The next day, before he set off on the rest of his journey, he gave money to the hotel manager and asked him to look after the wounded man until he returned. Any extra expense incurred would be paid when he came back, he said.
His story finished, Jesus turned to the theologian and asked: "Which of those three do you think was a neighbour to the man who fell among thieves?" And the theologian had to say, "the man who had mercy on him". Jesus told him: "Now you go and do the same."
A source at the Chief Priest's palace described the story as "typical. He cannot leave us alone. Every chance he gets he attacks the priests. It is a story after all, so why did the two who passed by have to be a priest and a Levite? They could have been fishermen. Or carpenters? His agenda becomes clearer daily."
A Zealot source said it was just a further example of Jesus's "love affair with the Samaritans. They took part of our country and yet the way he goes on you'd think he was one of them himself. I mean the man in the story didn't have to be a Samaritan did he? And another thing, he told us we should pay our taxes to Caesar. He's not a real Palestinian at all."
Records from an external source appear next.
Theorem proposition2p1 (R : realType) (m : nat)
  (hm2 : (2 <= m)%N) (hsf : squarefree m)
  (hmod : (m %% 4 == 2)%N \/ (m %% 4 == 3)%N) :
  (m = 2%N ->
     (forall x : R, UK m x <-> (x = 1 \/ x = Num.sqrt 2)) /\
     Num.sqrt 2 = 2 * cos (2 * pi / 8) :> R /\
     (forall x : R, UK m x -> FK m x) /\
     (forall d : R, FK m d <-> (d = 1 \/ d = Num.sqrt 2 \/ d = 1 + Num.sqrt 2)) /\
     is_min (@TK R m) (1 + Num.sqrt 2)) /\
  (m = 3%N ->
     (forall x : R, UK m x <-> (x = 1 \/ x = Num.sqrt 3)) /\
     Num.sqrt 3 = 2 * cos (2 * pi / 12) :> R /\
     (forall x : R, UK m x -> FK m x) /\
     (forall d : R, FK m d <-> (d = 1 \/ d = Num.sqrt 3 \/ d = 1 + Num.sqrt 3)) /\
     is_min (@TK R m) (1 + Num.sqrt 3)) /\
  ((6 <= m)%N ->
     let t : R := (Num.floor (Num.sqrt (m%:R : R)))%:~R - 1 + Num.sqrt m%:R in
     (forall x : R, UK m x <-> x = 1) /\
     (forall x : R, UK m x -> FK m x) /\
     (forall d : R, FK m d <-> (d = 1 \/ d = t \/ d = 1 + t)) /\
     is_min (@TK R m) t).
Proof.
split; [|split].
- move=> m2; subst m; have sE := esym (@two_cos_pi4 R).
  have [? [? [? ?]]] := @sqm_small_case R _ hm2 hsf hmod 8 isT isT sE.
  by do 4 (split=> //).
- move=> m3; subst m; have sE := esym (@two_cos_pi6 R).
  have [? [? [? ?]]] := @sqm_small_case R _ hm2 hsf hmod 12 isT isT sE.
  by do 4 (split=> //).
- by move=> m6; apply: sqm_large_case.
Qed.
However, it appears the story Jesus told may have been true. In a letter to the Palestine Times, a man claiming he was the priest who passed by, objected strenuously to the spin Jesus had put on it. He said that on that particular day earlier this year he was already late for a talk in Jerusalem on "Sin and the Sabbath".
Besides, he believed the man was not badly injured, and he also thought that if he intervened the robbers would return and do the same to him. When he got to Jerusalem he reported the incident to the authorities in the belief they would take care of it.
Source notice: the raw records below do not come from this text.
(* W(G1 * G2) is the direct product W(G1) x W(G2).  Each W(Gi) is a retract of
   the product, and pulling subgroups back along the retraction preserves the
   index, so s_n(W(Gi)) <= s_n(W(G1 * G2)).  Conversely, a subgroup H of index n
   of the product is determined by A = H meet W(G1), of some index i, by the
   projection K of H to W(G2), of index k = n / i, and by the cosets modulo A of
   lifts to H of the k |V(G2)| Schreier generators of K.  Hence
   s_n(W) <= sum_(ik = n) s_i(W1) s_k(W2) i^(k |V(G2)|), whose logarithm is at
   most (max(b1, b2) + o(1)) n log n.
   For gamma: a clique collection of the join meeting both sides is connected,
   hence a single clique, of weight < 1; a non-complete side has two
   non-adjacent vertices, a clique collection of weight 1.  Clique collections
   inside one side have the same weight as in that side. *)

From mathcomp Require Import all_boot all_order all_algebra.
From mathcomp Require Import all_classical all_reals all_analysis.
From mathcomp.algebra_tactics Require Import ring lra.
From mathcomp Require Import zify.
Import Order.TTheory GRing.Theory Num.Theory numFieldNormedType.Exports.
Set Implicit Arguments. Unset Strict Implicit. Unset Printing Implicit Defensive.
Local Open Scope classical_set_scope.
Local Open Scope ring_scope.

Section RaagWords.
Variables (V : finType) (e : rel V).
Local Notation req := (raag_eq e).

Lemma raag_eq_catl w u v : req u v -> req (w ++ u) (w ++ v).
Proof.
elim=> {u v} [u|u v _ IH|u v s _ IH1 _ IH2|u s x|u s x y exy].
- exact: req_refl.
- exact: req_sym.
- exact: req_trans IH2.
- by rewrite !catA; apply: req_sq.
- by rewrite !catA; apply: req_comm.
Qed.

Lemma raag_eq_catr w u v : req u v -> req (u ++ w) (v ++ w).
Proof.
elim=> {u v} [u|u v _ IH|u v s _ IH1 _ IH2|u s x|u s x y exy].
- exact: req_refl.
- exact: req_sym.
- exact: req_trans IH2.
- by rewrite -!catA; apply: req_sq.
- by rewrite -!catA; apply: req_comm.
Qed.

Lemma raag_eq_revK u w : req (rev u ++ u ++ w) w.
Proof.
elim: u w => [|x u IH] w /=; first exact: req_refl.
rewrite rev_cons -cats1 -catA /=.
by apply: req_trans (IH w); apply: req_sq.
Qed.

Lemma raag_eq_catrevK u w : req (u ++ rev u ++ w) w.
Proof. by have := raag_eq_revK (rev u) w; rewrite revK. Qed.

Lemma raag_eq_pmap (W : finType) (e' : rel W) (p : V -> option W) u v :
  (forall x y, e x y ->
     match p x, p y with Some x', Some y' => e' x' y' | _, _ => true end) ->
  req u v -> raag_eq e' (pmap p u) (pmap p v).
Proof.
move=> p_adj; elim=> {u v} [u|u v _ IH|u v w _ IH1 _ IH2|u w x|u w x y exy].
- exact: req_refl.
- exact: req_sym.
- exact: req_trans IH2.
- rewrite !pmap_cat /=; case: (p x) => [x'|] /=; last exact: req_refl.
  exact: req_sq.
- rewrite !pmap_cat /=; move: (p_adj _ _ exy).
  case: (p x) => [x'|]; case: (p y) => [y'|] //= exy'; try exact: req_refl.
  exact: req_comm.
Qed.

Lemma raag_eq_map (W : finType) (e' : rel W) (f : V -> W) u v :
  {homo f : x y / e x y >-> e' x y} -> req u v -> raag_eq e' (map f u) (map f v).
Proof.
have pmapE s : pmap (Some \o f) s = map f s by elim: s => //= x s ->.
by move=> f_adj /(@raag_eq_pmap _ e' (Some \o f)); rewrite !pmapE; apply.
Qed.

End RaagWords.

Section Subgroups.
Variables (V : finType) (e : rel V) (H : set (seq V)).
Hypothesis H_sub : is_subgroup e H.

Lemma subgroup1 : H [::]. Proof. by case: H_sub. Qed.

Lemma subgroup_raag u v : raag_eq e u v -> H u -> H v.
Proof. by case: H_sub => _ + _ _; apply. Qed.

Lemma subgroup_raagE u v : raag_eq e u v -> H u = H v.
Proof. by move=> uv; apply/propext; split; apply: subgroup_raag => //; apply: req_sym. Qed.

Lemma subgroupM u v : H u -> H v -> H (u ++ v).
Proof. by case: H_sub => _ _ + _; apply. Qed.

Lemma subgroupV u : H u -> H (rev u).
Proof. by case: H_sub => _ _ _; apply. Qed.

End Subgroups.

Definition coset_map (V : Type) (H : set (seq V)) (n : nat) (f : seq V -> 'I_n) : Prop :=
  (forall i, exists u, f u = i) /\ (forall u v, f u = f v <-> H (rev u ++ v)).

Section CosetMaps.
Variables (V : finType) (e : rel V) (H : set (seq V)) (n : nat) (f : seq V -> 'I_n).
Hypotheses (H_sub : is_subgroup e H) (f_coset : coset_map H f).

Lemma coset_map_nil u : f [::] = f u <-> H u.
Proof. by rewrite f_coset.2. Qed.

Lemma coset_map_raag u v : raag_eq e u v -> f u = f v.
Proof.
move=> uv; apply/f_coset.2; apply: (subgroup_raag H_sub _ (subgroup1 H_sub)).
apply: req_trans (req_sym (raag_eq_revK e u [::])) _; rewrite cats0.
exact: raag_eq_catl.
Qed.

Lemma coset_map_cons x u v : f u = f v -> f (x :: u) = f (x :: v).
Proof.
move=> /f_coset.2 Huv; apply/f_coset.2; apply: (subgroup_raag H_sub _ Huv).
by rewrite rev_cons -cats1 -catA; apply/req_sym/req_sq.
Qed.

End CosetMaps.

Section Counting.
Local Open Scope card_scope.

Lemma card_code_le (T : Type) (U : finType) (S : set T) (code : T -> U -> Prop) :
  (forall x, S x -> exists d, code x d) ->
  (forall x y d, S x -> S y -> code x d -> code y d -> x = y) ->
  exists2 m, S #= `I_m & (m <= #|U|)%N.
Proof.
move=> code_ex code_inj.
have [c c_code] : {c : T -> option U & forall x, S x -> exists2 d, c x = Some d & code x d}.
  apply: (@choice T (option U) (fun x o => S x -> exists2 d, o = Some d & code x d)) => x.
  have [Sx|nSx] := pselect (S x); last by exists None.
  by have [d xd] := code_ex x Sx; exists (Some d) => _; exists d.
pose psi x := if c x is Some d then val (enum_rank d) else 0%N.
have psi_inj : {in S &, injective psi}.
  move=> x y; rewrite !in_setE => Sx Sy.
  have [dx cx xdx] := c_code x Sx; have [dy cy ydy] := c_code y Sy.
  rewrite /psi cx cy => /val_inj/enum_rank_inj dxy.
  by apply: code_inj Sx Sy xdx _; rewrite dxy.
have psiS : psi @` S `<=` `I_#|U|.
  by move=> _ [x Sx <-]; have [d cx _] := c_code x Sx; rewrite /psi cx /=.
have [m Sm] : finite_set (psi @` S) by apply: sub_finite_set psiS (finite_II _).
exists m; first exact: card_eq_trans (card_esym (inj_card_eq psi_inj)) Sm.
by rewrite -card_le_II -(card_le_eql Sm); apply: subset_card_le.
Qed.

Lemma card_le_inj (T T' : Type) (S : set T) (S' : set T') m m' (psi : T -> T') :
  S #= `I_m -> S' #= `I_m' -> {in S &, injective psi} ->
  (forall x, S x -> S' (psi x)) -> (m <= m')%N.
Proof.
move=> Sm S'm' psi_inj psiS.
rewrite -card_le_II -(card_le_eql Sm) -(card_le_eqr S'm').
rewrite -(card_le_eql (inj_card_eq psi_inj)).
by apply: subset_card_le => _ [x Sx <-]; apply: psiS.
Qed.

Lemma card_eq_II_enum (T : Type) (S : set T) m : S #= `I_m ->
  exists2 phi : T -> nat, {in S &, injective phi} & forall x, S x -> (phi x < m)%N.
Proof.
by move/pcard_eqP; rewrite bijPex => -[phi [phiS phi_inj _]]; exists phi => // x /phiS.
Qed.

End Counting.

Lemma finite_subgroups_of_index (V : finType) (e : rel V) n :
  finite_set (subgroups_of_index e n).
Proof.
pose U : finType := ({ffun V -> {ffun 'I_n -> 'I_n}} * 'I_n)%type.
pose code (H : set (seq V)) (d : U) := exists f : seq V -> 'I_n,
  [/\ coset_map H f, f [::] = d.2 & forall v u, d.1 v (f u) = f (v :: u)].
have [m Sm _] : exists2 m, (subgroups_of_index e n #= `I_m)%card & (m <= #|U|)%N;
  last by exists m.
apply: (card_code_le (code := code)) => [H [H_sub [f f_coset]]|].
  have [rep repK] := choice f_coset.1.
  exists ([ffun v => [ffun i => f (v :: rep i)]], f [::]), f; split => // v u.
  by rewrite !ffunE; apply: (coset_map_cons H_sub f_coset); rewrite repK.
move=> H1 H2 [rho p0] _ _ [f1 [f1_coset /= f1_nil f1_cons]] [f2 [f2_coset /= f2_nil f2_cons]].
have orbitE f : f [::] = p0 -> (forall v u, rho v (f u) = f (v :: u)) ->
    forall u, f u = foldr (fun v => rho v) p0 u.
  by move=> f_nil f_cons; elim=> //= v u <-.
apply/funext => u; apply/propext.
rewrite -(coset_map_nil f1_coset) -(coset_map_nil f2_coset).
by rewrite (orbitE f1 f1_nil f1_cons u) (orbitE f2 f2_nil f2_cons u) f1_nil f2_nil.
Qed.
When tracked down eventually by a reporter with the Palestine Times, the Levite at first denied all knowledge of the incident. He has since changed jobs due to "a personal disagreement with God", as he put it. He now makes saddlebags. Finally admitting he had passed by the badly-injured man, he said: "What could I do? It happens all the time. I can't help everyone. Anyway, I didn't create this world. I only live here."